## Programming Assignment - Bootstrap Methods - Adv. Econometrics 2

**Deadline**:  Friday 17:00 hours, 8 January 2021

|Nr|**Name**|**Student ID**|**Email**|
|--|--------|--------------|---------|
|1.|        |              |         |
|2.|        |              |         |
|3.|        |              |         |

**Declaration of Originality**

We whose names are given under 1., 2. and 3. above declare that:

1. These solutions are solely our own work.
2. We have not made (part of) these solutions available to any other student.
3. We shall not engage in any other activities that will dishonestly improve my results or dishonestly improve or hurt the results of others.

## Instructions for completing and submitting the assignment
1. Submit your work in the form of (i) a Jupyter Notebook and (ii) PDF-file via Canvas assuming basic econometric knowledge, before the deadline.
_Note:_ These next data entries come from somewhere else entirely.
Section AbsIrreducibility.
Variable K : fieldType.
Hypothesis pcharK2 : (2 \in [pchar K])%N.
Local Notation R := (poly3 K).
Variables (k : nat) (g : {poly K}).
Hypotheses (k_ge2 : (2 <= k)%N) (size_g : (size g <= 2 ^ k.-1 + 2)%N).
Local Notation f := ('X^(2 ^ k + 1) + g).
Local Notation D := (2 ^ k).-2.
Variables (phi phid : R) (phij : nat -> R).
Hypotheses (phiE : phi * den3 = numf f) (phidE : phid * den3 = numj (2 ^ k + 1))
  (phijE : forall j, phij j * den3 = numj j).

Lemma pow2_halves : (2 ^ k = 2 ^ k.-1 + 2 ^ k.-1)%N /\ (2 <= 2 ^ k.-1)%N.
Proof.
split; first by rewrite addnn -mul2n -expnS prednK // (leq_trans _ k_ge2).
by rewrite -{1}(expn1 2) leq_exp2l // -ltnS prednK // (leq_trans _ k_ge2).
Qed.

Lemma coef_f_top : f`_(2 ^ k + 1) = 1.
Proof.
rewrite coefD coefXn eqxx nth_default ?addr0 // (leq_trans size_g) //.
by have [] := pow2_halves; lia.
Qed.

Lemma coef_f_gap i : (2 ^ k.-1 + 2 <= i)%N -> i != (2 ^ k + 1)%N -> f`_i = 0.
Proof.
move=> hi /negPf i_top; rewrite coefD coefXn i_top add0r nth_default //.
exact: leq_trans size_g hi.
Qed.

Lemma coef_f_low i : (i <= 2 ^ k.-1 + 1)%N -> f`_i = g`_i.
Proof.
move=> hi; rewrite coefD coefXn (_ : (i == _) = false) ?add0r //.
by apply/negbTE/eqP; have [] := pow2_halves; lia.
Qed.

Lemma phij_small n : (n < 3)%N -> phij n = 0.
Proof. by move=> n_lt3; apply: (mulIf (@den3_neq0 K)); rewrite phijE mul0r numj_small. Qed.

Lemma phij_top : phij (2 ^ k + 1) = phid.
Proof. by apply: (mulIf (@den3_neq0 K)); rewrite phijE phidE. Qed.

Lemma size_phid : size phid = D.+1.
Proof.
have k_gt0 : (0 < k)%N by exact: leq_trans k_ge2.
have := size_numj_pow2S pcharK2 k_gt0; rewrite -addn1 -phidE.
have phid_neq0 : phid != 0.
  apply: contra_eq_neq phidE => ->.
  by rewrite mul0r eq_sym -size_poly_eq0 addn1 size_numj_pow2S.
rewrite size_mul ?den3_neq0 // size_den3; have [] := pow2_halves.
by move: (size phid) => n; lia.
Qed.

Definition Phi : {poly R} := \poly_(n < D.+1) (C3 f`_(n + 3) * phij (n + 3)).

Lemma scale3_phi : scale3 phi = Phi.
Proof.
have den3X_neq0 : den3%:P * 'X^3 != 0 :> {poly R}.
  by rewrite mulf_neq0 ?polyC_eq0 ?den3_neq0 // -size_poly_eq0 size_polyXn.
apply: (mulIf den3X_neq0); rewrite -homog_den3 -rmorphM phiE scale3_numf.
apply/polyP => n; rewrite homog_den3 mulrA coefMXn coefMC !coef_poly.
have [n_lt3 | n_ge3] := ltnP n 3; first by rewrite numj_small // mulr0 if_same.
rewrite subnK //; have [n_lt | n_ge] := ltnP (n - 3) D.+1.
  rewrite -mulrA phijE; case: ltnP => // size_le.
  by rewrite nth_default // /C3 !polyC0 mul0r.
rewrite [RHS]mul0r; case: ltnP => // _; rewrite coef_f_gap ?/C3 ?polyC0 ?mul0r //.
  by have [] := pow2_halves; lia.
by apply/eqP; have [] := pow2_halves; lia.
Qed.

Lemma Phi_top_term : C3 f`_(D + 3) * phij (D + 3) = phid.
Proof.
rewrite (_ : (D + 3 = 2 ^ k + 1)%N); last by have [] := pow2_halves; lia.
by rewrite coef_f_top phij_top /C3 !polyC1 mul1r.
Qed.

Lemma coef_Phi_top : Phi`_D = phid.
Proof. by rewrite coef_poly ltnSn Phi_top_term. Qed.

Lemma size_Phi : size Phi = D.+1.
Proof. by apply: size_poly_eq; rewrite Phi_top_term -size_poly_eq0 size_phid. Qed.

Lemma lead_coef_Phi : lead_coef Phi = phid.
Proof. by rewrite lead_coefE size_Phi coef_Phi_top. Qed.

Lemma coef_Phi_gap i : (D./2 <= i < D)%N -> Phi`_i = 0.
Proof.
move=> /andP[lo hi]; rewrite coef_poly ltnS ltnW // coef_f_gap ?/C3 ?polyC0 ?mul0r //.
  by have [] := pow2_halves; lia.
by apply/eqP; have [] := pow2_halves; lia.
Qed.

Lemma phid_factors_coprime a b :
  a * b = phid -> coprimep (map_poly (@tofrac _) a) (map_poly (@tofrac _) b).
Proof.
have k_gt0 : (0 < k)%N by exact: leq_trans k_ge2.
move=> ab; apply: (@coprimep_of_dvdp_deriv_const _ _ _
  (map_poly (@tofrac _) (numj (2 ^ k + 1))) (tofrac (sumXY ^+ (2 ^ k)))).
- by rewrite tofrac_eq0 expf_neq0 // sumXY_neq0.
- by rewrite deriv_map addn1 deriv_numj_pow2S // map_polyC.
by rewrite -rmorphM ab -phidE rmorphM dvdp_mulr.
Qed.

Lemma dvd3_coef_Phi P Q : phi = P * Q -> (size (scale3 Q) <= size (scale3 P))%N ->
  forall n, dvd3 Q Phi`_n.
Proof.
move=> PQ le_QP.
have PQs : scale3 P * scale3 Q = Phi by rewrite -rmorphM -PQ scale3_phi.
have scale3Q : scale3 Q = (lead_coef (scale3 Q))%:P * 'X^((size (scale3 Q)).-1).
  apply: (@factor_monomial_of_gap _ (scale3 P)); rewrite ?PQs.
  - by rewrite -size_poly_eq0 size_Phi.
  - exact: size_coef_scale_lift.
  - exact: size_coef_scale_lift.
  - exact: le_QP.
  - by rewrite lead_coef_Phi size_Phi size_phid.
  - by rewrite size_Phi; exact: coef_Phi_gap.
  by rewrite lead_coef_Phi; exact: phid_factors_coprime.
have lead_scale3Q : lead_coef (scale3 Q) = Q.
  by rewrite -[RHS]scale3_horner1 [in RHS]scale3Q hornerCM hornerXn expr1n mulr1.
move=> n; rewrite -PQs scale3Q lead_scale3Q mulrA coefMXn.
by case: ifP => _; [exists 0; rewrite mul0r | rewrite coefMC; eexists].
Qed.

Theorem irreducible3_phi j : (j <= 2 ^ k.-1 + 1)%N -> g`_j != 0 ->
  phij j != 0 -> relprime3 (phij j) phid -> irreducible3 phi.
Proof.
move=> j_le gj_neq0 phij_neq0 phij_phid.
split.
  case=> c phiC; have := size_Phi; rewrite -scale3_phi phiC homog_C3 mulr1.
  move=> size_C3c; have := size_polyC_leq1 (C3 c).
  by rewrite size_C3c; have [] := pow2_halves; lia.
have factor_const P Q : phi = P * Q -> (size (scale3 Q) <= size (scale3 P))%N -> const3 Q.
  move=> PQ le_QP; have dvdQ := dvd3_coef_Phi PQ le_QP.
  apply: phij_phid; last by rewrite -coef_Phi_top.
  have j_ge3 : (3 <= j)%N.
    by rewrite leqNgt; apply: contra phij_neq0 => /phij_small ->.
  apply: (@dvd3_C3l _ f`_j); first by rewrite coef_f_low.
  have := dvdQ (j - 3)%N; rewrite coef_poly subnK // ifT //.
  by have [] := pow2_halves; lia.
move=> P Q PQ; have [le_QP | /ltnW le_PQ] := leqP (size (scale3 Q)) (size (scale3 P)).
  by right; exact: factor_const PQ le_QP.
by left; apply: factor_const le_PQ; rewrite mulrC.
Qed.
End AbsIrreducibility.

Theorem mainTheorem8
  (F : finFieldType) (m : nat) (hF : #|F| = (2 ^ m)%N)
  (K : closedFieldType) (iota : {rmorphism F -> K}) (hK : integralRange iota)
  (k : nat) (hk : (2 <= k)%N)
  (g : {poly F}) (hg : (size g <= 2 ^ k.-1 + 2)%N)
  (phi phid : poly3 K) (phij : nat -> poly3 K)
  (hphi : phi * den3 = numf (map_poly iota ('X ^+ (2 ^ k + 1) + g)))
  (hphid : phid * den3 = numj (2 ^ k + 1))
  (hphij : forall j, phij j * den3 = numj j)
  (hj : exists j : nat, [/\ (j <= 2 ^ k.-1 + 1)%N, g`_j != 0,
          phij j != 0 & relprime3 (phij j) phid]) :
  irreducible3 phi.
Proof.
have pcharK2 : (2 \in [pchar K])%N.
  by apply: (rmorph_pchar iota); apply: card_finPcharP hF _.
have [j [j_le gj_neq0 phij_neq0 phij_phid]] := hj.
rewrite rmorphD rmorphXn /= map_polyX in hphi.
apply: (irreducible3_phi pcharK2 hk _ hphi hphid hphij j_le _ phij_neq0 phij_phid).
  by rewrite size_map_poly.
by rewrite coef_map fmorph_eq0.
Qed.
(* When [b] does not vanish, [rel_norm a b] vanishes on all conjugates, giving
   [N(a)^2 = N(2 + w) N(b)^2 = 2 N(b)^2] with [N(b) <> 0]: sqrt 2 would be rational. *)
Lemma int_poly_vanish_conjugates n f : int_poly f ->
  forall z, In z (conjugates n) -> f z = 0 -> forall w, In w (conjugates n) -> f w = 0.
Proof.
  revert f; induction n as [|n IH]; intros f Hf z Hz Hfz w Hw.
  - simpl in Hz, Hw. destruct Hz as [<-|[]]; destruct Hw as [<-|[]]; exact Hfz.
  - destruct (int_poly_split f Hf) as (a & b & A & B & E).
    simpl in Hz, Hw. apply in_flat_map in Hz, Hw.
    destruct Hz as (u & Hu & Hz). destruct Hw as (u' & Hu' & Hw).
    pose proof (conjugates_range _ _ Hu) as Ru. pose proof (conjugates_range _ _ Hu') as Ru'.
    assert (sqrt (u + 2) * sqrt (u + 2) = u + 2) by (apply sqrt_sqrt; lra).
    assert (sqrt (u' + 2) * sqrt (u' + 2) = u' + 2) by (apply sqrt_sqrt; lra).
    assert (Hzu : z * z - 2 = u) by (simpl in Hz; destruct Hz as [<-|[<-|[]]]; lra).
    assert (Hwu : w * w - 2 = u') by (simpl in Hw; destruct Hw as [<-|[<-|[]]]; lra).
    rewrite E, Hzu in Hfz. rewrite E, Hwu.
    destruct (Req_dec (b u) 0) as [Hb|Hb].
    + rewrite Hb in Hfz.
      rewrite (IH a A u Hu ltac:(lra) u' Hu'), (IH b B u Hu Hb u' Hu'). ring.
    + exfalso.
      assert (Hbn : forall v, In v (conjugates n) -> b v <> 0).
      { intros v Hv Hbv. exact (Hb (IH b B v Hv Hbv u Hu)). }
      assert (Hnorm : forall v, In v (conjugates n) -> rel_norm a b v = 0).
      { apply (IH _ (int_poly_rel_norm a b A B) u Hu).
        unfold rel_norm. replace (a u) with (- z * b u) by lra. rewrite <- Hzu. ring. }
      assert (HA : lprod (conjugates n) (fun v => a v * a v) =
                   lprod (conjugates n) (fun v => 2 + v) * lprod (conjugates n) (fun v => b v * b v)).
      { rewrite <- lprod_mul. apply lprod_ext. intros v Hv.
        specialize (Hnorm v Hv). unfold rel_norm in Hnorm. lra. }
      rewrite (proj2 (norm_two_minus_two_plus n)), !lprod_mul in HA.
      destruct (norm_int_poly n a A) as [NA HNA]. destruct (norm_int_poly n b B) as [NB HNB].
      rewrite HNA, HNB in HA.
      apply (lprod_neq0 _ _ Hbn). rewrite HNB.
      rewrite (Z_sqr_eq_twice_sqr NA NB); [reflexivity|].
      apply eq_IZR. rewrite !mult_IZR. simpl. lra.
Qed.

Lemma cos_odd_in_conjugates n a : Nat.odd a = true ->
  In (2 * cos (2 * PI * INR a / 2 ^ S (S n))) (conjugates n).
Proof.
  revert a; induction n as [|n IH]; intros a Ha.
  - apply Nat.odd_spec in Ha. destruct Ha as [b ->]. left.
    rewrite cos_eq_0_1; [ring|]. exists (Z.of_nat b).
    rewrite <- INR_IZR_INZ, plus_INR, mult_INR. simpl. field.
  - set (t := 2 * PI * INR a / 2 ^ S (S (S n))).
    pose proof (IH a Ha) as H.
    replace (2 * PI * INR a / 2 ^ S (S n)) with (2 * t) in H
      by (unfold t; simpl; field; apply pow_nonzero; lra).
    rewrite cos_2a_cos in H.
    simpl conjugates. apply in_flat_map. exists (2 * (2 * cos t * cos t - 1)); split; [exact H|].
    replace (2 * (2 * cos t * cos t - 1) + 2) with ((2 * cos t) * (2 * cos t)) by ring.
    destruct (Rle_dec 0 (cos t)).
    + left. rewrite sqrt_square; lra.
    + right; left. replace (2 * cos t * (2 * cos t)) with ((- (2 * cos t)) * (- (2 * cos t))) by ring.
      rewrite sqrt_square; lra.
Qed.
Theorem lemma2p15 (R : realType) (n1 m n2 n3 : nat)
    (A : qtensor R n1 m n3) (B : qtensor R m n2 n3) :
  [/\ (forall e : m = n1, qt_srad (qtcast e A) <= qt_snorm A),
      qt_snorm (qtprod A B) <= qt_snorm A * qt_snorm B,
      qtconjT (qtprod A B) = qtprod (qtconjT B) (qtconjT A),
      (forall (n : nat) (C : qtensor R n2 n n3),
          qtprod (qtprod A B) C = qtprod A (qtprod B C))
    & (forall C : qtensor R m n2 n3, qtprod A (B + C) = qtprod A B + qtprod A C)].
Proof.
split.
- by move=> e; subst n1; rewrite qtcast_id; exact: spec_radius_le_mx2norm.
- by rewrite /qt_snorm bcirc_zM; exact: mx2normM.
- by apply: bcirc_z_inj; rewrite bcirc_z_conjT !bcirc_zM !bcirc_z_conjT mxconjT_mul.
- by move=> n C; apply: bcirc_z_inj; rewrite !bcirc_zM mulmxA.
- by move=> C; apply: bcirc_z_inj; rewrite bcirc_zM !bcirc_zD !bcirc_zM mulmxDr.
Qed.
Theorem theorem5p1 (R : realType) (V : completeNormedModType R)
  (inner : V -> V -> R) (f : V -> R) (gradf : V -> V) (mu : R) (xs : V)
  (t0 : R) (u u1 u2 u3 : R -> V) :
  is_inner_product inner ->
  C1_with_gradient inner f gradf ->
  0 < mu -> strongly_convex mu f ->
  (forall x, f xs <= f x) ->
  0 < t0 ->
  (* u is a classical solution on [t0, +oo[ : u1, u2, u3 are its first three
     derivatives on ]t0, +oo[, and u, u1, u2 are right-continuous at t0 *)
  (forall t, t0 < t -> is_derive t 1 u (u1 t)) ->
  (forall t, t0 < t -> is_derive t 1 u1 (u2 t)) ->
  (forall t, t0 < t -> is_derive t 1 u2 (u3 t)) ->
  u x @[x --> t0^'+] --> u t0 ->
  u1 x @[x --> t0^'+] --> u1 t0 ->
  u2 x @[x --> t0^'+] --> u2 t0 ->
  (forall t, t0 < t ->
     u3 t + (3 * Num.sqrt mu) *: u2 t + (2 * mu) *: u1 t
     + Num.sqrt mu *: gradf (u t + (Num.sqrt mu)^-1 *: u1 t) = 0) ->
  let s := Num.sqrt mu in
  let m := inf (range f) in
  let y := fun t => u t + s^-1 *: u1 t in
  let E := fun t => f (y t) - m
                    + 2^-1 * `| s *: (y t - xs) + u1 t + s^-1 *: u2 t | ^+ 2 in
  let F0 := f (u t0) - m in
  let C := E t0 * expR (s * t0) in
  forall t, t0 <= t ->
    [/\ f (y t) - m <= E t0 * expR (- (s * (t - t0))),
        f (u t) - m <= (C * s * t + expR (s * t0) * F0 - C * s * t0)
                       * expR (- (s * t)),
        `| y t - xs | ^+ 2 <= expR (s * t0) / s
                              * (s * `| y t0 - xs | ^+ 2 + 2 * E t0 * (t - t0))
                              * expR (- (s * t))
      & `| u t - xs | ^+ 2 <= 2 / mu
                              * (C * s * t + expR (s * t0) * F0 - C * s * t0)
                              * expR (- (s * t))].
Proof.
(* The positivity of t0 is not needed; inf f is the value at the minimizer. *)
move=> inner_prod f_C1 mu_gt0 f_sc xs_min _ du du1 du2 u_rc u1_rc u2_rc ode.
rewrite (inf_range_min xs_min) => s m y E F0 C t t0t.
split.
- by apply: (lookahead_value_bound inner_prod f_C1).
- by apply: (value_bound inner_prod f_C1).
- by apply: (lookahead_dist_bound inner_prod f_C1).
- by apply: (dist_bound inner_prod f_C1).
Qed.
Lemma agrees_drop_head f g a b x :
  f a = g a -> f b = g b -> f a <> f b -> agrees f g (a :: b :: x) -> agrees f g (b :: x).
Proof.
  unfold agrees. cbn [map squash drop_lead]. intros Ea Eb Nab H.
  rewrite Ea, Eb in H. rewrite Eb.
  destruct (X3_dec (g b) (g a)) as [E|_]; [congruence|]. injection H as H. now rewrite H.
Qed.

(** [images] computes the first letters of squashed images of words with a
    known prefix; [refute n] closes a case in which these first letters (or,
    after splitting the exponent [n], the first letters of a power) disagree. *)
Ltac images := cbn [map h1 h2 h3 squash drop_lead X3_dec app] in *.

Ltac refute n := exfalso; unfold agrees in *; first
  [ match goal with H : squashed _ |- _ => solve [simpl in H; intuition congruence] end
  | solve [images; first [ congruence
                  | destruct n; rewrite ?pw_S, ?pw_0 in *; cbn [app] in *; congruence ]] ].

(** The possible continuations of a word after an occurrence of some p_n. *)
Definition after_p (x : list X4) : Prop :=
  x = [] \/ (exists y, x = x00 :: y) \/ (exists y, x = x10 :: y).

(** Third block of p: when the h3-image of x11 W leads the h1-image by
    (xr xm)^n, the word W must continue with (x10 x11)^n. *)
Lemma phase_tail : forall n W, squashed (x11 :: W) ->
  sq3 (map h3 (x11 :: W)) = pw n [xr; xm] ++ sq3 (map h1 (x11 :: W)) ->
  agrees h2 h3 (x11 :: W) ->
  exists x, W = pw n [x10; x11] ++ x /\
    agrees h1 h3 (x11 :: x) /\ agrees h2 h3 (x11 :: x) /\ after_p x.
Proof.
  induction n as [|n IH]; intros W Hs Hlag H23.
  - exists W. split; [reflexivity|]. split; [symmetry; exact Hlag|]. split; [exact H23|].
    unfold after_p. destruct W as [|[] W]; eauto; refute n.
  - rewrite pw_S in Hlag. unfold agrees in H23.
    destruct W as [|[] W']; try refute n.
    destruct W' as [|[] W'']; try refute n.
    destruct Hs as [_ [_ Hs]].
    destruct (IH W'' Hs) as (x & -> & Hx).
    + images. congruence.
    + unfold agrees. images. congruence.
    + exists x. rewrite pw_S. auto.
Qed.

(** Middle block of p: after x10, the lags (xm xl)^k of h2 behind h3 and
    (xm xr)^j of h3 ahead of h1 force the continuation
    (x01 x10)^k x11 (x10 x11)^(k+j). *)
Lemma phase_middle : forall k j z, squashed (x10 :: z) ->
  sq3 (xm :: map h2 z) = pw k [xm; xl] ++ sq3 (xm :: map h3 z) ->
  sq3 (xm :: map h3 z) = pw j [xm; xr] ++ xm :: sq3 (xr :: map h1 z) ->
  exists x, z = pw k [x01; x10] ++ x11 :: pw (k + j) [x10; x11] ++ x /\
    agrees h1 h3 (x11 :: x) /\ agrees h2 h3 (x11 :: x) /\ after_p x.
Proof.
  induction k as [|k IH]; intros j z Hs H23 H13.
  - rewrite pw_0 in H23. destruct z as [|[] z]; try refute j.
    destruct (phase_tail j z) as (x & -> & Hx).
    + simpl in Hs; tauto.
    + images. rewrite pw_swap in H13. cbn [app] in H13. congruence.
    + unfold agrees. images. congruence.
    + exists x. auto.
  - destruct z as [|[] z']; try refute j; try refute k.
    destruct z' as [|[] z'']; try refute j; try refute k.
    destruct Hs as [_ [_ Hs]].
    destruct (IH (S j) z'' Hs) as (x & -> & Hx).
    + images. rewrite pw_S in H23. cbn [app] in H23. congruence.
    + images. rewrite pw_Sr, <- app_assoc. cbn [app]. congruence.
    + exists x. rewrite pw_S, <- plus_n_Sm. auto.
Qed.

(** First block of p: a prefix (x00 x01)^(k+1), with h2 lagging h3 by
    (xl xm)^k, extends to a full p_n followed by an admissible continuation. *)
Lemma phase_head : forall len t k, length t <= len ->
  squashed (x00 :: x01 :: t) -> agrees h1 h3 (x00 :: x01 :: t) ->
  sq3 (map h2 (x00 :: x01 :: t)) = pw k [xl; xm] ++ sq3 (map h3 (x00 :: x01 :: t)) ->
  exists n x, pw k [x00; x01] ++ x00 :: x01 :: t = p_word n ++ x /\
    agrees h1 h3 (x11 :: x) /\ agrees h2 h3 (x11 :: x) /\ after_p x.
Proof.
  induction len as [|len IH]; intros t k Hlen Hs H13 H23.
  - destruct t; [refute k | simpl in Hlen; lia].
  - unfold agrees in H13.
    destruct t as [|[] t']; try refute k.
    + destruct t' as [|[] t'']; try refute k.
      destruct (IH t'' (S k)) as (n & x & E & Hx).
      * simpl in Hlen; lia.
      * destruct Hs as [_ [_ Hs]]; exact Hs.
      * unfold agrees. images. congruence.
      * images. rewrite pw_Sr, <- app_assoc. cbn [app]. congruence.
      * exists n, x. rewrite <- E, pw_Sr, <- app_assoc. auto.
    + destruct (phase_middle k 0 t') as (x & -> & Hx).
      * simpl in Hs; tauto.
      * images. rewrite pw_swap in H23. congruence.
      * images. rewrite pw_0. cbn [app]. congruence.
      * exists k, x. split; [|exact Hx].
        rewrite <- plus_n_O, p_word_eq, <- !app_assoc. simpl. now rewrite <- !app_assoc.
Qed.

Lemma x00_cases t : squashed (x00 :: t) -> agrees h1 h3 (x00 :: t) -> agrees h2 h3 (x00 :: t) ->
  t = [] \/ (exists x, t = x11 :: x) \/
  (exists n x, x00 :: t = p_word n ++ x /\
     agrees h1 h3 (x11 :: x) /\ agrees h2 h3 (x11 :: x) /\ after_p x).
Proof.
  intros Hs H13 H23.
  destruct t as [|[] t']; [now left | refute 0 | | refute 0 | eauto].
  right; right. apply (phase_head (length t') t' 0); auto.
Qed.

Definition factors (w : list X4) (g : RGen) (w' : list X4) : Prop :=
  w = sq4 (ev g ++ w') /\ length w' < length w /\ agreeing w'.

Lemma ev_not_nil g : ev g <> [].
Proof. destruct g; discriminate. Qed.

Lemma factors_exact g w' : squashed (ev g ++ w') ->
  agrees h1 h3 w' -> agrees h2 h3 w' -> factors (ev g ++ w') g w'.
Proof.
  intros Hs H13 H23. split; [|split].
  - symmetry. now apply squashed_squash_id.
  - rewrite length_app. pose proof (ev_not_nil g). destruct (ev g); [congruence | simpl; lia].
  - split; [exact (squashed_suffix _ _ Hs) | auto].
Qed.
Your notebook should not give errors when executed with `Run All`.
2. Complete the table with the info of your group members. By submitting the Jupyter Notebook, you agree with the included declaration of originality. Do not copy work of others. This will be considered as fraud!
3. Clarify your code with comments.

## Hints
- Only use the paired bootstrap
- Work with Numpy vectors or matrices as much as possible, e.g. `np.quantile(tB_OLS,[0.05,0.95],axis=0)` returns two quantiles for the whole vector of OLS estimates
- When coding, you can reduce the running time by setting `BOOTREP=99` and reduce the number of simulations. For the final execution, please return to original values!
- For a progress bar, please install `conda install -c conda-forge tqdm` or if you don't use anaconda use can just execute `pip install tqdm`
- If you want to use plotly, please install `conda install -c plotly plotly`
- Below, you can find Python code for generating the data and doing a simulation using multicores. To use multicores, you have to install `multiprocess`: `conda install -c conda-forge multiprocess`. Otherwise, execute `pip install multiprocess`
- The idea behind multiprocess is that each CPU core receives a sample, executes the resampling and returns the results. These results will be stored in one big list, which can be analyzed after the simulation.

## Assignment 

The purpose of this assignment is for you to gain practical experience with resampling methods. You will investigate several bootstrap confidence intervals for OLS and LASSO estimators. The DGP is given by:

- $X_i \sim N(0,\Sigma)$, $\Sigma=(\sigma_{ij}) \in \mathbb{R}^{p\times p}$ with $\sigma_{ij}=\rho^{|i-j|}$, $\beta_j=0$ for $1\leq j\leq p-15$, $\beta_j=0.5$ for $p-14\leq j\leq p-10$, $\beta_j=1.5$ for $p-9\leq j \leq p-5$ $\beta_j=2.5$ for $p-4 \leq j \leq p$. 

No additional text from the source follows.